- _Task statement_: Retype, word for word, every line from the one holding "0 < mu -> prox_minimizer" through the one holding "(* [s (s - La) <= s^2" in the entries below, both included, and only those lines.

[Stored data]
Segment Open

(* In the aggregative setting described in the context, suppose assumptions (i)–(iv) there hold, and define $L_t\triangleq\frac{\mu\max_{i}L_{gi}}{\mu^2+L_a^2}\Big(1-\frac{L_a}{\sqrt{\mu^2+L_a^2}}\Big)^{-1}$. Then for each $i\in\{1,\dots,n\}$ and every $y_i\in\mathcal{R}_i$, $$\|T_i(y_i,z_1)-T_i(y_i,z_2)\|\le L_t\|z_1-z_2\|\quad\text{for all }z_1,z_2\in\mathbb{R}^d.$$
   Context: Aggregative game: $n$ players, each chooses $x_i\in\mathbb{R}^d$; player $i$ has cost $f_i(x_i,\bar x)+r_i(x_i)$ where $\bar x=\sum_jx_j$ and $f_i(x_i,\bar x)=\mathbb{E}[\psi_i(x_i,x_i+\bar x_{-i};\xi_i)]$, $\bar x_{-i}=\sum_{j\ne i}x_j$. Assumptions, for each $i$: (i) $r_i$ is lower semicontinuous and convex with compact effective domain $\mathcal{R}_i$; (ii) for any $y\in\mathbb{R}^d$, $x_i\mapsto f_i(x_i,x_i+y)$ is twice continuously differentiable and convex on $\mathcal{R}_i$; (iii) with $g_i(x_i,y)$ denoting the gradient at $x_i$ of $x_i\mapsto f_i(x_i,x_i+y)$, there is $L_a>0$ such that for any $y\in\mathbb{R}^d$, $\|g_i(x_i,y)-g_i(x_i',y)\|\le L_a\|x_i-x_i'\|$ for $x_i,x_i'\in\mathcal{R}_i$; (iv) for any $x_i\in\mathcal{R}_i$, $\|g_i(x_i,y_1)-g_i(x_i,y_2)\|\le L_{gi}\|y_1-y_2\|$ for all $y_1,y_2\in\mathbb{R}^d$. Fix $\mu>0$. For $y_i\in\mathcal{R}_i$, $z\in\mathbb{R}^d$: $T_i(y_i,z)\triangleq\arg\min_{x_i\in\mathbb{R}^d}\big[f_i(x_i,x_i+z-y_i)+r_i(x_i)+\frac\mu2\|x_i-y_i\|^2\big]$ (uniquely defined). *)

From HB Require Import structures.
From mathcomp Require Import all_boot all_order all_algebra.
From mathcomp Require Import all_classical all_reals all_analysis.
Set Implicit Arguments. Unset Strict Implicit. Unset Printing Implicit Defensive.
Import Order.TTheory GRing.Theory Num.Theory.
Import numFieldNormedType.Exports.
Local Open Scope classical_set_scope.
Local Open Scope ring_scope.

Section Defs.
Variables (R : realType) (d : nat).

Definition dotv (u v : 'rV[R]_d) : R := \sum_(j < d) u 0 j * v 0 j.
Definition enorm (v : 'rV[R]_d) : R := Num.sqrt (\sum_(j < d) v 0 j ^+ 2).

Definition edom (r : 'rV[R]_d -> \bar R) : set 'rV[R]_d :=
  [set x | (r x < +oo)%E].

Definition econvex (r : 'rV[R]_d -> \bar R) : Prop :=
  forall (x y : 'rV[R]_d) (t : R), 0 <= t <= 1 ->
    let w := t *: x + (1 - t) *: y in
    (r w <= t%:E * r x + (1 - t)%:E * r y)%E.

Definition convex_on (A : set 'rV[R]_d) (h : 'rV[R]_d -> R) : Prop :=
  forall x y (t : R), A x -> A y -> 0 <= t <= 1 ->
    h (t *: x + (1 - t) *: y) <= t * h x + (1 - t) * h y.

Definition C2_on (A : set 'rV[R]_d) (h : 'rV[R]_d -> R) : Prop :=
  exists U : set 'rV[R]_d, [/\ open U, A `<=` U,
    (forall x, U x -> differentiable h x),
    (forall x v, U x -> differentiable (fun x' => 'd h x' v) x) &
    (forall x v w, U x ->
        {for x, continuous (fun x' => 'd (fun x'' => 'd h x'' v) x' w)})].

Definition prox_obj (f : 'rV[R]_d -> 'rV[R]_d -> R) (r : 'rV[R]_d -> \bar R)
  (mu : R) (y z x : 'rV[R]_d) : \bar R :=
  let q := f x (x + z - y) + mu / 2 * enorm (x - y) ^+ 2 in
  (q%:E + r x)%E.

End Defs.

From HB Require Import structures.
From mathcomp Require Import all_boot all_order all_algebra.
From mathcomp Require Import all_classical all_reals all_analysis.
From mathcomp Require Import ring lra.
Set Implicit Arguments. Unset Strict Implicit. Unset Printing Implicit Defensive.
Import Order.TTheory GRing.Theory Num.Theory.
Import numFieldNormedType.Exports.
Local Open Scope classical_set_scope.
Local Open Scope ring_scope.

(* Write x_k = T_i(y, z_k) and h_a(x) = f_i(x, x + a).  The first-order optimality condition
   of the proximal problem at x_1 (tested against x_2) and at x_2 (tested against x_1) add up,
   the values of r_i cancelling, to
     mu |x_1 - x_2|^2 <= <g_i(x_2, z_2 - y) - g_i(x_1, z_1 - y), x_1 - x_2>.
   Monotonicity of the gradient of the convex h_(z_1 - y) removes the change in the first
   argument of g_i, and (iv) bounds the change in the second one, so
   mu |x_1 - x_2| <= L_gi |z_1 - z_2|.  The constant L_gi / mu is at most L_t. *)

Section Euclidean.
Variables (R : realType) (d : nat).
Implicit Types (u v w : 'rV[R]_d) (a t : R).

Lemma dotvC u v : dotv u v = dotv v u.
Proof. by apply: eq_bigr => j _; rewrite mulrC. Qed.

Lemma dotvDl u v w : dotv (u + v) w = dotv u w + dotv v w.
Proof. by rewrite /dotv -big_split; apply: eq_bigr => j _; rewrite mxE mulrDl. Qed.

Lemma dotvNl u v : dotv (- u) v = - dotv u v.
Proof. by rewrite /dotv -sumrN; apply: eq_bigr => j _; rewrite mxE mulNr. Qed.

Lemma dotvZl a u v : dotv (a *: u) v = a * dotv u v.
Proof. by rewrite /dotv mulr_sumr; apply: eq_bigr => j _; rewrite mxE mulrA. Qed.

Lemma dotvBl u v w : dotv (u - v) w = dotv u w - dotv v w.
Proof. by rewrite dotvDl dotvNl. Qed.

Lemma dotvDr u v w : dotv u (v + w) = dotv u v + dotv u w.
Proof. by rewrite dotvC dotvDl !(dotvC u). Qed.

Lemma dotvNr u v : dotv u (- v) = - dotv u v.
Proof. by rewrite dotvC dotvNl dotvC. Qed.

Lemma dotvZr a u v : dotv u (a *: v) = a * dotv u v.
Proof. by rewrite dotvC dotvZl dotvC. Qed.

Lemma dotvBr u v w : dotv u (v - w) = dotv u v - dotv u w.
Proof. by rewrite dotvDr dotvNr. Qed.

Lemma dotvv u : dotv u u = enorm u ^+ 2.
Proof.
rewrite /enorm sqr_sqrtr; last by apply: sumr_ge0 => j _; exact: sqr_ge0.
by apply: eq_bigr => j _; rewrite expr2.
Qed.

Lemma enorm_ge0 u : 0 <= enorm u.
Proof. exact: sqrtr_ge0. Qed.

Lemma enormN u : enorm (- u) = enorm u.
Proof. by congr Num.sqrt; apply: eq_bigr => j _; rewrite mxE sqrrN. Qed.

Lemma enorm_sqrDZ u v t :
  enorm (u + t *: v) ^+ 2 = enorm u ^+ 2 + 2 * t * dotv u v + t ^+ 2 * enorm v ^+ 2.
Proof. by rewrite -!dotvv dotvDl !dotvDr !dotvZl !dotvZr (dotvC v u); ring. Qed.

Lemma convex_comb_shift u v t : t *: u + (1 - t) *: v = v + t *: (u - v).
Proof. by rewrite scalerBl scale1r scalerBr addrCA addrA. Qed.

(* No Cauchy-Schwarz needed: expand [0 <= |mu w - p|^2] and use the hypothesis twice. *)
Lemma enorm_le_of_dotv (mu : R) w p :
  0 < mu -> mu * dotv w w <= dotv p w -> mu * enorm w <= enorm p.
Proof.
move=> mu_gt0 wp.
have : 0 <= dotv (mu *: w - p) (mu *: w - p) by rewrite dotvv sqr_ge0.
rewrite !(dotvBl, dotvBr, dotvZl, dotvZr) (dotvC w p) !dotvv in wp * => sq_ge0.
have := enorm_ge0 w; have := enorm_ge0 p; nra.
Qed.

End Euclidean.

Lemma nbhs_right0_le1 (R : realType) : \forall t \near (0 : R)^'+, 0 < t <= 1.
Proof.
near=> t; apply/andP; split.
- by near: t; exact: nbhs_right_gt.
- by near: t; exact: nbhs_right_le ltr01.
Unshelve. all: by end_near. Qed.

Section DifferenceQuotients.
Variables (R : realType) (d : nat) (h : 'rV[R]_d -> R) (x v : 'rV[R]_d).
Hypothesis dh : differentiable h x.

Lemma diff_quotient_cvg_right :
  (fun t => (h (x + t *: v) - h x) / t) @ (0 : R)^'+ --> 'd h x v.
Proof.
rewrite -deriveE //; apply: cvg_dnbhs_at_right.
have -> : (fun t => (h (x + t *: v) - h x) / t) =
          (fun t => t^-1 *: ((h \o shift x) (t *: v) - h x)).
  by apply/funext => t /=; rewrite (addrC x) mulrC.
exact: (diff_derivable (v := v) dh).
Qed.

Lemma diff_ge_of_quotient_ge c K :
  (forall t, 0 < t <= 1 -> c <= (h (x + t *: v) - h x) / t + K * t) -> c <= 'd h x v.
Proof.
move=> quot_ge.
have Kt_cvg : (fun t => K * t) @ (0 : R)^'+ --> 0.
  apply: cvg_at_right_filter; rewrite -[X in _ --> X](mulr0 K).
  by apply: cvgM; [exact: cvg_cst | exact: cvg_id].
have := cvgD diff_quotient_cvg_right Kt_cvg; rewrite addr0 => cvg_sum.
apply: (cvgr_to_ge (cvg_sum _)); apply: filterS (nbhs_right0_le1 R); exact: quot_ge.
Qed.

Lemma diff_le_of_quotient_le c :
  (forall t, 0 < t <= 1 -> (h (x + t *: v) - h x) / t <= c) -> 'd h x v <= c.
Proof.
move=> quot_le; apply: (cvgr_to_le diff_quotient_cvg_right).
apply: filterS (nbhs_right0_le1 R); exact: quot_le.
Qed.

End DifferenceQuotients.

Lemma convex_diff_le (R : realType) (d : nat) (D : set 'rV[R]_d) (h : 'rV[R]_d -> R) x1 x2 :
  convex_on D h -> D x1 -> D x2 -> differentiable h x1 ->
  'd h x1 (x2 - x1) <= h x2 - h x1.
Proof.
move=> h_convex Dx1 Dx2 dh; apply: diff_le_of_quotient_le => // t /andP[t_gt0 t_le1].
have t01 : 0 <= t <= 1 by rewrite (ltW t_gt0) t_le1.
have h_le := h_convex x2 x1 t Dx2 Dx1 t01.
rewrite convex_comb_shift in h_le.
by rewrite ler_pdivrMr //; lra.
Qed.

Lemma convex_grad_monotone (R : realType) (d : nat) (D : set 'rV[R]_d) (h : 'rV[R]_d -> R)
    x1 x2 G1 G2 :
  convex_on D h -> D x1 -> D x2 -> differentiable h x1 -> differentiable h x2 ->
  (forall v, 'd h x1 v = dotv G1 v) -> (forall v, 'd h x2 v = dotv G2 v) ->
  0 <= dotv (G1 - G2) (x1 - x2).
Proof.
move=> h_convex Dx1 Dx2 dh1 dh2 grad1 grad2.
have := convex_diff_le h_convex Dx1 Dx2 dh1; rewrite grad1.
have := convex_diff_le h_convex Dx2 Dx1 dh2; rewrite grad2.
rewrite -(opprB x1 x2) dotvNr dotvBl; lra.
Qed.

Section ProxStep.
Variables (R : realType) (d : nat) (r : 'rV[R]_d -> \bar R) (mu : R) (y : 'rV[R]_d).
Hypotheses (r_gt_ninfty : forall x, r x != -oo%E) (r_convex : econvex r).

Definition prox_cost (phi : 'rV[R]_d -> R) x : \bar R :=
  ((phi x + mu / 2 * enorm (x - y) ^+ 2)%:E + r x)%E.

Definition prox_minimizer phi xs := forall x, (prox_cost phi xs <= prox_cost phi x)%E.

Lemma prox_objE (f : 'rV[R]_d -> 'rV[R]_d -> R) z x :
  prox_obj f r mu y z x = prox_cost (fun x => f x (x + (z - y))) x.
Proof. by rewrite /prox_obj /prox_cost addrA. Qed.

Lemma edom_fineK x : edom r x -> (fine (r x))%:E = r x.
Proof. by move=> rx; apply: fineK; rewrite fin_numE r_gt_ninfty (lt_eqF rx). Qed.

Lemma prox_minimizer_edom phi xs : edom r y -> prox_minimizer phi xs -> edom r xs.
Proof.
move=> ry /(_ y); rewrite /prox_cost -(edom_fineK ry) /edom /=.
by case: (r xs) => [rx| |] //=; rewrite leNgt ltey.
Qed.

Lemma prox_minimizer_variational phi xs x :
  prox_minimizer phi xs -> edom r xs -> edom r x -> differentiable phi xs ->
  - mu * dotv (xs - y) (x - xs) - (fine (r x) - fine (r xs)) <= 'd phi xs (x - xs).
Proof.
move=> xs_min rxs rx dphi.
(* Compare the cost at [xs] with the cost at [xs + t (x - xs)], where [r] is bounded by
   convexity; the [t^2] term of the squared distance is the [K t] error. *)
apply: (diff_ge_of_quotient_ge dphi (K := mu / 2 * enorm (x - xs) ^+ 2)).
move=> t /andP[t_gt0 t_le1].
have t01 : 0 <= t <= 1 by rewrite (ltW t_gt0) t_le1.
have r_le := r_convex x xs t01; rewrite /= convex_comb_shift in r_le.
have cost_le := le_trans (xs_min (xs + t *: (x - xs))) (leeD2l _ r_le).
rewrite /prox_cost -(edom_fineK rx) -(edom_fineK rxs) -!EFinM -!EFinD lee_fin in cost_le.
rewrite [xs + _ - y]addrAC enorm_sqrDZ in cost_le.
rewrite -(ler_pM2r t_gt0) [X in _ <= X]mulrDl divfK ?gt_eqF //; nra.
Qed.

Lemma prox_minimizers_dotv phi1 phi2 x1 x2 G1 G2 :
  prox_minimizer phi1 x1 -> prox_minimizer phi2 x2 -> edom r x1 -> edom r x2 ->
  differentiable phi1 x1 -> differentiable phi2 x2 ->
  (forall v, 'd phi1 x1 v = dotv G1 v) -> (forall v, 'd phi2 x2 v = dotv G2 v) ->
  mu * dotv (x1 - x2) (x1 - x2) <= dotv (G2 - G1) (x1 - x2).
Proof.
move=> x1_min x2_min rx1 rx2 dphi1 dphi2 grad1 grad2.
have vi1 := prox_minimizer_variational x1_min rx1 rx2 dphi1.
have vi2 := prox_minimizer_variational x2_min rx2 rx1 dphi2.
rewrite grad1 -(opprB x1 x2) !dotvNr in vi1; rewrite grad2 in vi2.
have w_sq : dotv (x1 - y) (x1 - x2) - dotv (x2 - y) (x1 - x2) = dotv (x1 - x2) (x1 - x2).
  by rewrite -dotvBl opprB addrA subrK.
by rewrite -w_sq (dotvBl G2); lra.
Qed.

Variables (h : 'rV[R]_d -> 'rV[R]_d -> R) (G : 'rV[R]_d -> 'rV[R]_d -> 'rV[R]_d) (L : R).
Hypotheses (h_convex : forall a, convex_on (edom r) (h a))
  (h_diff : forall a {x}, edom r x -> differentiable (h a) x)
  (h_grad : forall a {x} v, edom r x -> 'd (h a) x v = dotv (G x a) v)
  (G_lip : forall x a1 a2, edom r x -> enorm (G x a1 - G x a2) <= L * enorm (a1 - a2)).

Lemma prox_minimizer_lipschitz a1 a2 x1 x2 :
  0 < mu -> prox_minimizer (h a1) x1 -> prox_minimizer (h a2) x2 ->
  edom r x1 -> edom r x2 -> mu * enorm (x1 - x2) <= L * enorm (a1 - a2).
Proof.
move=> mu_gt0 x1_min x2_min rx1 rx2.
have prox_ineq := prox_minimizers_dotv x1_min x2_min rx1 rx2
  (h_diff a1 rx1) (h_diff a2 rx2) (h_grad a1 ^~ rx1) (h_grad a2 ^~ rx2).
have mono := convex_grad_monotone (h_convex a1) rx1 rx2
  (h_diff a1 rx1) (h_diff a1 rx2) (h_grad a1 ^~ rx1) (h_grad a1 ^~ rx2).
set p := G x2 a2 - G x2 a1.
have w_p : mu * dotv (x1 - x2) (x1 - x2) <= dotv p (x1 - x2).
  have split_G : G x2 a2 - G x1 a1 = p - (G x1 a1 - G x2 a1) by rewrite opprB addrA subrK.
  by move: prox_ineq; rewrite split_G (dotvBl p); lra.
apply: le_trans (enorm_le_of_dotv mu_gt0 w_p) _.
by rewrite -(enormN (a1 - a2)) opprB; exact: G_lip.
Qed.

End ProxStep.

Lemma div_le_prox_lipschitz_const (R : realType) (mu La M : R) :
  0 < mu -> 0 < La -> 0 <= M ->
  M / mu <= mu * M / (mu ^+ 2 + La ^+ 2) * (1 - La / Num.sqrt (mu ^+ 2 + La ^+ 2))^-1.
Proof.
move=> mu_gt0 La_gt0 M_ge0.
set s := Num.sqrt _.
have s_sq : s ^+ 2 = mu ^+ 2 + La ^+ 2 by rewrite sqr_sqrtr // addr_ge0 ?sqr_ge0.
have s_ge0 : 0 <= s := sqrtr_ge0 _.
have La_lt_s : La < s by nra.
have s_gt0 : 0 < s := lt_trans La_gt0 La_lt_s.
have gap_gt0 : 0 < s - La by rewrite subr_gt0.
have -> : mu * M / (mu ^+ 2 + La ^+ 2) * (1 - La / s)^-1 = mu * M / (s * (s - La)).
  by rewrite -s_sq; field; rewrite !gt_eqF.
have -> : M / mu = mu * M / mu ^+ 2 by field; rewrite gt_eqF.
apply: ler_wpM2l; first by rewrite mulr_ge0 // ltW.
(* [s (s - La) <= s^2 - La^2 = mu^2] because [La <= s]. *)
rewrite lef_pV2 ?posrE ?mulr_gt0 ?exprn_gt0 //; nra.
Qed.

Theorem lemma9 (R : realType) (n d : nat)
  (f : 'I_n -> 'rV[R]_d -> 'rV[R]_d -> R)
  (r : 'I_n -> 'rV[R]_d -> \bar R)
  (g : 'I_n -> 'rV[R]_d -> 'rV[R]_d -> 'rV[R]_d)
  (La : R) (Lg : 'I_n -> R) (mu : R)
  (T : 'I_n -> 'rV[R]_d -> 'rV[R]_d -> 'rV[R]_d) :
  (* (i) r_i proper, lsc, convex, compact effective domain *)
  (forall i x, r i x != -oo%E) ->
  (forall i, lower_semicontinuous (r i)) ->
  (forall i, econvex (r i)) ->
  (forall i, compact (edom (r i))) ->
  (* (ii) x_i |-> f_i(x_i, x_i + y) is C^2 and convex on R_i *)
  (forall i y, C2_on (edom (r i)) (fun x => f i x (x + y))) ->
  (forall i y, convex_on (edom (r i)) (fun x => f i x (x + y))) ->
  (* g_i(x_i, y) is the gradient at x_i of x_i |-> f_i(x_i, x_i + y) *)
  (forall i y x v, edom (r i) x ->
     'd (fun x' => f i x' (x' + y)) x v = dotv (g i x y) v) ->
  (* (iii) *)
  0 < La ->
  (forall i y x x', edom (r i) x -> edom (r i) x' ->
     enorm (g i x y - g i x' y) <= La * enorm (x - x')) ->
  (* (iv) *)
  (forall i x y1 y2, edom (r i) x ->
     enorm (g i x y1 - g i x y2) <= Lg i * enorm (y1 - y2)) ->
  0 < mu ->
  (* T_i(y_i, z) is the (unique) minimizer of the proximal objective *)
  (forall i y z x, edom (r i) y ->
     (prox_obj (f i) (r i) mu y z (T i y z) <= prox_obj (f i) (r i) mu y z x)%E) ->
  let Lt := mu * (\big[Num.max/0]_(j < n) Lg j) / (mu ^+ 2 + La ^+ 2)
            * (1 - La / Num.sqrt (mu ^+ 2 + La ^+ 2))^-1 in
  forall i y, edom (r i) y ->
  forall z1 z2 : 'rV[R]_d,
    enorm (T i y z1 - T i y z2) <= Lt * enorm (z1 - z2).
Proof.
move=> r_gt_ninfty _ r_convex _ f_C2 f_convex f_grad La_gt0 _ g_lip mu_gt0 T_min Lt
  i y ry z1 z2.
have f_diff a x : edom (r i) x -> differentiable (fun x' => f i x' (x' + a)) x.
  by case: (f_C2 i a) => U [_ domU diffU _ _] /domU; exact: diffU.
have T_prox z : prox_minimizer (r i) mu y (fun x => f i x (x + (z - y))) (T i y z).
  by move=> x; rewrite -!prox_objE; exact: T_min.
have T_dom z : edom (r i) (T i y z) := prox_minimizer_edom (r_gt_ninfty i) ry (T_prox z).
have := prox_minimizer_lipschitz (r_gt_ninfty i) (r_convex i) (f_convex i) f_diff
  (f_grad i) (g_lip i) mu_gt0 (T_prox z1) (T_prox z2) (T_dom z1) (T_dom z2).
have -> : z1 - y - (z2 - y) = z1 - z2 by rewrite opprB addrA subrK.
rewrite -ler_pdivlMl // mulrA => T_lip; apply: le_trans T_lip _.
rewrite ler_wpM2r ?enorm_ge0 //.
have Lmax_ge0 : 0 <= \big[Num.max/0]_(j < n) Lg j := bigmax_ge_id _ _ _ _.
apply: le_trans (div_le_prox_lipschitz_const mu_gt0 La_gt0 Lmax_ge0).
by rewrite mulrC ler_pM2r ?invr_gt0 // le_bigmax.
Qed.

Segment Closed

- _Task solution_:
  0 < mu -> prox_minimizer (h a1) x1 -> prox_minimizer (h a2) x2 ->
  edom r x1 -> edom r x2 -> mu * enorm (x1 - x2) <= L * enorm (a1 - a2).
Proof.
move=> mu_gt0 x1_min x2_min rx1 rx2.
have prox_ineq := prox_minimizers_dotv x1_min x2_min rx1 rx2
  (h_diff a1 rx1) (h_diff a2 rx2) (h_grad a1 ^~ rx1) (h_grad a2 ^~ rx2).
have mono := convex_grad_monotone (h_convex a1) rx1 rx2
  (h_diff a1 rx1) (h_diff a1 rx2) (h_grad a1 ^~ rx1) (h_grad a1 ^~ rx2).
set p := G x2 a2 - G x2 a1.
have w_p : mu * dotv (x1 - x2) (x1 - x2) <= dotv p (x1 - x2).
  have split_G : G x2 a2 - G x1 a1 = p - (G x1 a1 - G x2 a1) by rewrite opprB addrA subrK.
  by move: prox_ineq; rewrite split_G (dotvBl p); lra.
apply: le_trans (enorm_le_of_dotv mu_gt0 w_p) _.
by rewrite -(enormN (a1 - a2)) opprB; exact: G_lip.
Qed.

End ProxStep.

Lemma div_le_prox_lipschitz_const (R : realType) (mu La M : R) :
  0 < mu -> 0 < La -> 0 <= M ->
  M / mu <= mu * M / (mu ^+ 2 + La ^+ 2) * (1 - La / Num.sqrt (mu ^+ 2 + La ^+ 2))^-1.
Proof.
move=> mu_gt0 La_gt0 M_ge0.
set s := Num.sqrt _.
have s_sq : s ^+ 2 = mu ^+ 2 + La ^+ 2 by rewrite sqr_sqrtr // addr_ge0 ?sqr_ge0.
have s_ge0 : 0 <= s := sqrtr_ge0 _.
have La_lt_s : La < s by nra.
have s_gt0 : 0 < s := lt_trans La_gt0 La_lt_s.
have gap_gt0 : 0 < s - La by rewrite subr_gt0.
have -> : mu * M / (mu ^+ 2 + La ^+ 2) * (1 - La / s)^-1 = mu * M / (s * (s - La)).
  by rewrite -s_sq; field; rewrite !gt_eqF.
have -> : M / mu = mu * M / mu ^+ 2 by field; rewrite gt_eqF.
apply: ler_wpM2l; first by rewrite mulr_ge0 // ltW.
(* [s (s - La) <= s^2 - La^2 = mu^2] because [La <= s]. *)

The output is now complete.